- What the task asks -
The word "funext" occurs in some lines of the data. Return each such line.

- Data extracts -
(* Let $\varSigma$ be a surface diffeomorphic to $T^2$ or to the Klein bottle. If $\mathrm{D}$ is any flat connection on $\varSigma$ and $\xi$ is any $1$-form on $\varSigma$, then the connection $\nabla=\mathrm{D}-\xi\otimes\mathrm{Id}$ on $\varSigma$ (i.e.\ $\nabla_vw=\mathrm{D}_vw-\xi(v)w$) has skew-symmetric Ricci tensor. Conversely, every connection on $\varSigma$ with skew-symmetric Ricci tensor equals $\mathrm{D}-\xi\otimes\mathrm{Id}$ for some flat connection $\mathrm{D}$ on $\varSigma$ and some $1$-form $\xi$ on $\varSigma$.
   Context: Connections are in $T\varSigma$ and may have torsion. Curvature: $R(u,v)w=\nabla_v\nabla_u w-\nabla_u\nabla_v w+\nabla_{[u,v]}w$; Ricci tensor: $\rho(u,v)=\mathrm{tr}[w\mapsto R(u,w)v]$. *)

(* Surfaces modelled by their universal cover R^2
   together with the (affine) deck transformation generators. *)
From Stdlib Require List.
From HB Require Import structures.
From mathcomp Require Import all_boot all_order all_algebra.
From mathcomp Require Import all_classical all_reals all_analysis.
Set Implicit Arguments. Unset Strict Implicit. Unset Printing Implicit Defensive.
Import Order.TTheory GRing.Theory Num.Theory.
Import numFieldNormedType.Exports.
Local Open Scope ring_scope.

Section Defs.
Variable R : realType.

Notation pt := 'rV[R]_2.

Definition ebase (i : 'I_2) : pt := delta_mx 0 i.

Definition pd (f : pt -> R^o) (i : 'I_2) : pt -> R^o :=
  fun p => 'D_(ebase i) f p.

Fixpoint Ck (n : nat) (f : pt -> R^o) : Prop :=
  match n with
  | 0 => continuous f
  | n.+1 => continuous f /\
      forall i, (forall p, derivable f p (ebase i)) /\ Ck n (pd f i)
  end.
Definition smooth (f : pt -> R^o) : Prop := forall n, Ck n f.

Record deck := Deck { sgn : 'I_2 -> R; tr : pt }.
Definition act (g : deck) (p : pt) : pt := \row_j (sgn g j * p 0 j + tr g 0 j).

Definition sg2 (a b : R) : 'I_2 -> R := fun i => if i == 0 then a else b.
Definition v2 (a b : R) : pt := \row_j (if j == 0 then a else b).

(* T^2 = R^2 / <(x,y)->(x+1,y), (x,y)->(x,y+1)> *)
Definition torus_gens : seq deck :=
  [:: Deck (sg2 1 1) (v2 1 0); Deck (sg2 1 1) (v2 0 1)].
(* Klein bottle = R^2 / <(x,y)->(x+1,-y), (x,y)->(x,y+1)> *)
Definition klein_gens : seq deck :=
  [:: Deck (sg2 1 (-1)) (v2 1 0); Deck (sg2 1 1) (v2 0 1)].

(* A (possibly torsion) connection on R^2, in coordinates:
   nabla_{d_i} d_j = sum_k G i j k d_k. *)
Definition chr := 'I_2 -> 'I_2 -> 'I_2 -> pt -> R^o.

(* G descends to the quotient surface: smooth and deck-invariant *)
Definition connection_on (gens : seq deck) (G : chr) : Prop :=
  (forall i j k, smooth (G i j k)) /\
  (forall g, List.In g gens -> forall i j k p,
     G i j k (act g p) = sgn g i * sgn g j * sgn g k * G i j k p).

(* 1-form xi = sum_i xi_i dx^i descending to the quotient *)
Definition one_form_on (gens : seq deck) (xi : 'I_2 -> pt -> R^o) : Prop :=
  (forall i, smooth (xi i)) /\
  (forall g, List.In g gens -> forall i p, xi i (act g p) = sgn g i * xi i p).

(* m-th component of R(d_i,d_j)d_l, with
   R(u,v)w = nabla_v nabla_u w - nabla_u nabla_v w + nabla_[u,v] w *)
Definition curv (G : chr) (i j l m : 'I_2) (p : pt) : R :=
  pd (G i l m) j p - pd (G j l m) i p
  + \sum_(k < 2) (G i l k p * G j k m p - G j l k p * G i k m p).

(* rho(d_i,d_l) = tr [w |-> R(d_i,w) d_l] *)
Definition ricci (G : chr) (i l : 'I_2) (p : pt) : R :=
  \sum_(j < 2) curv G i j l j p.

Definition flat (G : chr) : Prop := forall i j l m p, curv G i j l m p = 0.

Definition ricci_skew (G : chr) : Prop :=
  forall i l p, ricci G i l p = - ricci G l i p.

Definition minus_xi_id (D : chr) (xi : 'I_2 -> pt -> R^o) : chr :=
  fun i j k p => D i j k p - xi i p * (if j == k then 1 else 0).

End Defs.

From HB Require Import structures.
From mathcomp Require Import all_boot all_order all_algebra.
From mathcomp Require Import all_classical all_reals all_analysis.
From mathcomp Require Import ring lra.
Set Implicit Arguments. Unset Strict Implicit.
Import Order.TTheory GRing.Theory Num.Theory.
Import numFieldNormedType.Exports.
Local Open Scope ring_scope.

(* In dimension two the curvature is determined by the endomorphism
   A = R(d_0, d_1), and the Ricci tensor is skew exactly when A is a scalar
   multiple of the identity.  Replacing nabla by nabla - xi (x) Id changes A
   by -(d xi) Id, and the trace of A is the exterior derivative of the trace
   of the Christoffel symbols.  Hence D - xi (x) Id has scalar curvature
   whenever D is flat, and conversely for a connection with scalar curvature
   the choice xi = -(1/2) tr Gamma_i makes nabla + xi (x) Id flat.  Deck
   transformations with entries +-1 preserve all these constructions. *)

Section TwoDimensionalConnections.
Variable R : realType.
Notation pt := 'rV[R]_2.

Lemma ord2P (i : 'I_2) : i = 0 \/ i = 1.
Proof. by case: i => [[|[|n]] Hn] //; [left|right]; exact/val_inj. Qed.

Lemma big_ord2 (F : 'I_2 -> R) : \sum_(k < 2) F k = F 0 + F 1.
Proof.
by rewrite big_ord_recl big_ord_recl big_ord0 addr0; congr (_ + F _); exact/val_inj.
Qed.

Definition kdelta (j k : 'I_2) : R := if j == k then 1 else 0.

Lemma pd_lin (f g : pt -> R^o) (a b : R) (i : 'I_2) (p : pt) :
  derivable f p (ebase R i) -> derivable g p (ebase R i) ->
  pd (fun q => a * f q + b * g q) i p = a * pd f i p + b * pd g i p.
Proof.
move=> df dg; have -> : (fun q => a * f q + b * g q) = a \*: f + b \*: g by [].
by rewrite /pd deriveD ?deriveZ //; apply: derivableZ.
Qed.

Lemma continuous_lin (f g : pt -> R^o) (a b : R) :
  continuous f -> continuous g -> continuous (fun q => a * f q + b * g q).
Proof.
move=> cf cg q; apply: (@continuousD R _ _ (fun q => a * f q) (fun q => b * g q)).
  by apply: continuousM; [exact: cst_continuous | exact: cf].
by apply: continuousM; [exact: cst_continuous | exact: cg].
Qed.

Lemma Ck_lin n (f g : pt -> R^o) (a b : R) :
  Ck n f -> Ck n g -> Ck n (fun q => a * f q + b * g q).
Proof.
elim: n f g => [|n IH] f g /=; first exact: continuous_lin.
move=> [cf df] [cg dg]; split; first exact: continuous_lin.
move=> i; have [df1 dfn] := df i; have [dg1 dgn] := dg i; split.
  by move=> p; apply: derivableD; apply: derivableZ.
have -> : pd (fun q => a * f q + b * g q) i = fun q => a * pd f i q + b * pd g i q.
  by apply: funext => q; rewrite pd_lin.
exact: IH.
Qed.

Lemma smooth_lin (f g : pt -> R^o) (a b : R) :
  smooth f -> smooth g -> smooth (fun q => a * f q + b * g q).
Proof. by move=> sf sg n; apply: Ck_lin. Qed.

Lemma smooth_derivable (f : pt -> R^o) (i : 'I_2) (p : pt) :
  smooth f -> derivable f p (ebase R i).
Proof. by move=> sf; have [_ /(_ i) []] := sf 1%N. Qed.

Lemma curvN (G : chr R) i j l m p : curv G j i l m p = - curv G i j l m p.
Proof. rewrite /curv !big_ord2; ring. Qed.

Lemma curv_diag (G : chr R) i l m p : curv G i i l m p = 0.
Proof. rewrite /curv big_ord2; ring. Qed.

(* The quadratic terms form a commutator, whose trace vanishes. *)
Lemma curv_trace (G : chr R) i j p :
  curv G i j 0 0 p + curv G i j 1 1 p =
  pd (G i 0 0) j p + pd (G i 1 1) j p - pd (G j 0 0) i p - pd (G j 1 1) i p.
Proof. rewrite /curv !big_ord2; ring. Qed.

Lemma ricci2 (G : chr R) i l p :
  ricci G i l p = curv G i 0 l 0 p + curv G i 1 l 1 p.
Proof. by rewrite /ricci big_ord2. Qed.

Lemma scalar_curv_ricci_skew (G : chr R) (F : 'I_2 -> 'I_2 -> pt -> R) :
  (forall i j l m p, curv G i j l m p = kdelta l m * F i j p) -> ricci_skew G.
Proof.
move=> hF i l p.
have F_diag k : F k k p = 0 by have := curv_diag G k 0 0 p; rewrite hF /kdelta mul1r.
have FN : F 1 0 p = - F 0 1 p.
  by have := curvN G 0 1 0 0 p; rewrite !hF /kdelta !mul1r.
rewrite !ricci2 !hF /kdelta.
by case: (ord2P i) => ->; case: (ord2P l) => -> /=; rewrite ?F_diag ?FN; ring.
Qed.

Lemma ricci_skew_scalar_curv (G : chr R) : ricci_skew G ->
  forall i j l m p,
  curv G i j l m p = kdelta l m * ((curv G i j 0 0 p + curv G i j 1 1 p) / 2).
Proof.
move=> skG i j l m p.
have r00 := skG 0 0 p; have r11 := skG 1 1 p; have r01 := skG 0 1 p.
rewrite !ricci2 !curv_diag !(curvN G 1 0) in r00 r11 r01.
case: (ord2P i) => ->; case: (ord2P j) => ->; rewrite ?curv_diag ?(curvN G 1 0);
  case: (ord2P l) => ->; case: (ord2P m) => ->; rewrite /kdelta /=; lra.
Qed.

(* Written as a linear combination so that [smooth_lin] applies. *)
Definition plus_xi_id (G : chr R) (xi : 'I_2 -> pt -> R^o) : chr R :=
  fun i j k q => 1 * G i j k q + kdelta j k * xi i q.

Lemma plus_xi_idK (G : chr R) xi : minus_xi_id (plus_xi_id G xi) xi = G.
Proof.
apply: funext => i; apply: funext => j; apply: funext => k; apply: funext => q.
by rewrite /minus_xi_id /plus_xi_id /kdelta; case: (_ == _); ring.
Qed.

Lemma curv_minus_xi_id (D : chr R) xi p :
  (forall i j k l, derivable (D i j k) p (ebase R l)) ->
  (forall i l, derivable (xi i) p (ebase R l)) ->
  forall i j l m,
  curv (minus_xi_id D xi) i j l m p =
  curv D i j l m p - kdelta l m * (pd (xi i) j p - pd (xi j) i p).
Proof.
move=> dD dxi i j l m.
have eq_lin k n : minus_xi_id D xi k l n = fun q => 1 * D k l n q + - kdelta l n * xi k q.
  by apply: funext => q; rewrite /minus_xi_id /kdelta mul1r mulNr mulrC.
rewrite /curv !eq_lin !pd_lin // !big_ord2 /minus_xi_id /kdelta.
by case: (ord2P l) => ->; case: (ord2P m) => -> /=; ring.
Qed.

Lemma flat_minus_xi_id_ricci_skew (D : chr R) xi :
  (forall i j k, smooth (D i j k)) -> (forall i, smooth (xi i)) ->
  flat D -> ricci_skew (minus_xi_id D xi).
Proof.
move=> sD sxi fD.
apply: (@scalar_curv_ricci_skew _ (fun i j p => - (pd (xi i) j p - pd (xi j) i p))).
move=> i j l m p; rewrite curv_minus_xi_id ?fD; first by ring.
- by move=> *; apply: smooth_derivable.
- by move=> *; apply: smooth_derivable.
Qed.

(* Minus half the trace of the Christoffel symbols: adding it times Id makes
   the connection trace free, which kills the trace of its curvature. *)
Definition neg_half_trace (G : chr R) : 'I_2 -> pt -> R^o :=
  fun i q => - 2^-1 * G i 0 0 q + - 2^-1 * G i 1 1 q.

Lemma ricci_skew_flat_plus_trace (G : chr R) :
  (forall i j k, smooth (G i j k)) -> ricci_skew G ->
  flat (plus_xi_id G (neg_half_trace G)).
Proof.
move=> sG skG i j l m p.
set xi := neg_half_trace G; set D := plus_xi_id G xi.
have sxi k : smooth (xi k) by apply: smooth_lin.
have sD k n r : smooth (D k n r) by apply: smooth_lin.
have := @curv_minus_xi_id D xi p
  (fun _ _ _ _ => smooth_derivable (sD _ _ _))
  (fun _ _ => smooth_derivable (sxi _)) i j l m.
rewrite plus_xi_idK ricci_skew_scalar_curv // curv_trace /xi /neg_half_trace.
rewrite !pd_lin; try by apply: smooth_derivable.
by rewrite /kdelta; case: (_ == _) => h; lra.
Qed.

Definition unit_signs (gens : seq (deck R)) : Prop :=
  forall g, List.In g gens -> forall i, sgn g i * sgn g i = 1.

Lemma torus_klein_unit_signs (gens : seq (deck R)) :
  gens = torus_gens R \/ gens = klein_gens R -> unit_signs gens.
Proof.
by case=> -> g /= [<-|[<-|[]]] i /=; rewrite /sg2; case: (_ == _);
  rewrite ?mulr1 ?mulrNN ?mulr1.
Qed.

Lemma one_form_on_neg_half_trace gens (G : chr R) :
  unit_signs gens -> connection_on gens G -> one_form_on gens (neg_half_trace G).
Proof.
move=> sq [sG dG]; split=> [i|g gin i p]; first exact: smooth_lin.
rewrite /neg_half_trace !dG //.
by rewrite -!(mulrA (sgn g i)) (sq g gin 0) (sq g gin 1) !mul1r; ring.
Qed.

Lemma connection_on_plus_xi_id gens (G : chr R) xi :
  unit_signs gens -> connection_on gens G -> one_form_on gens xi ->
  connection_on gens (plus_xi_id G xi).
Proof.
move=> sq [sG dG] [sxi dxi]; split=> [i j k|g gin i j k p].
  exact: smooth_lin.
rewrite /plus_xi_id dG // dxi // /kdelta; case: eqP => [->|_]; last by ring.
by rewrite -(mulrA (sgn g i)) (sq g gin k) ?mul1r ?mulr1 mulrDr.
Qed.

End TwoDimensionalConnections.

Theorem theorem5p2 (R : realType) (gens : seq (deck R)) :
  gens = torus_gens R \/ gens = klein_gens R ->
  (forall (D : chr R) (xi : 'I_2 -> 'rV[R]_2 -> R^o),
     connection_on gens D -> flat D -> one_form_on gens xi ->
     ricci_skew (minus_xi_id D xi)) /\
  (forall G : chr R, connection_on gens G -> ricci_skew G ->
     exists (D : chr R) (xi : 'I_2 -> 'rV[R]_2 -> R^o),
       [/\ connection_on gens D, flat D, one_form_on gens xi &
           forall i j k p, G i j k p = minus_xi_id D xi i j k p]).
Proof.
move=> /torus_klein_unit_signs sq; split.
  move=> D xi [sD _] fD [sxi _].
  exact: flat_minus_xi_id_ricci_skew.
move=> G cG skG.
have xiG := one_form_on_neg_half_trace sq cG.
exists (plus_xi_id G (neg_half_trace G)), (neg_half_trace G); split => //.
- exact: connection_on_plus_xi_id.
- by apply: ricci_skew_flat_plus_trace => //; case: cG.
- by move=> i j k p; rewrite plus_xi_idK.
Qed.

- Result of this task -
  by apply: funext => q; rewrite pd_lin.
apply: funext => i; apply: funext => j; apply: funext => k; apply: funext => q.
  by apply: funext => q; rewrite /minus_xi_id /kdelta mul1r mulNr mulrC.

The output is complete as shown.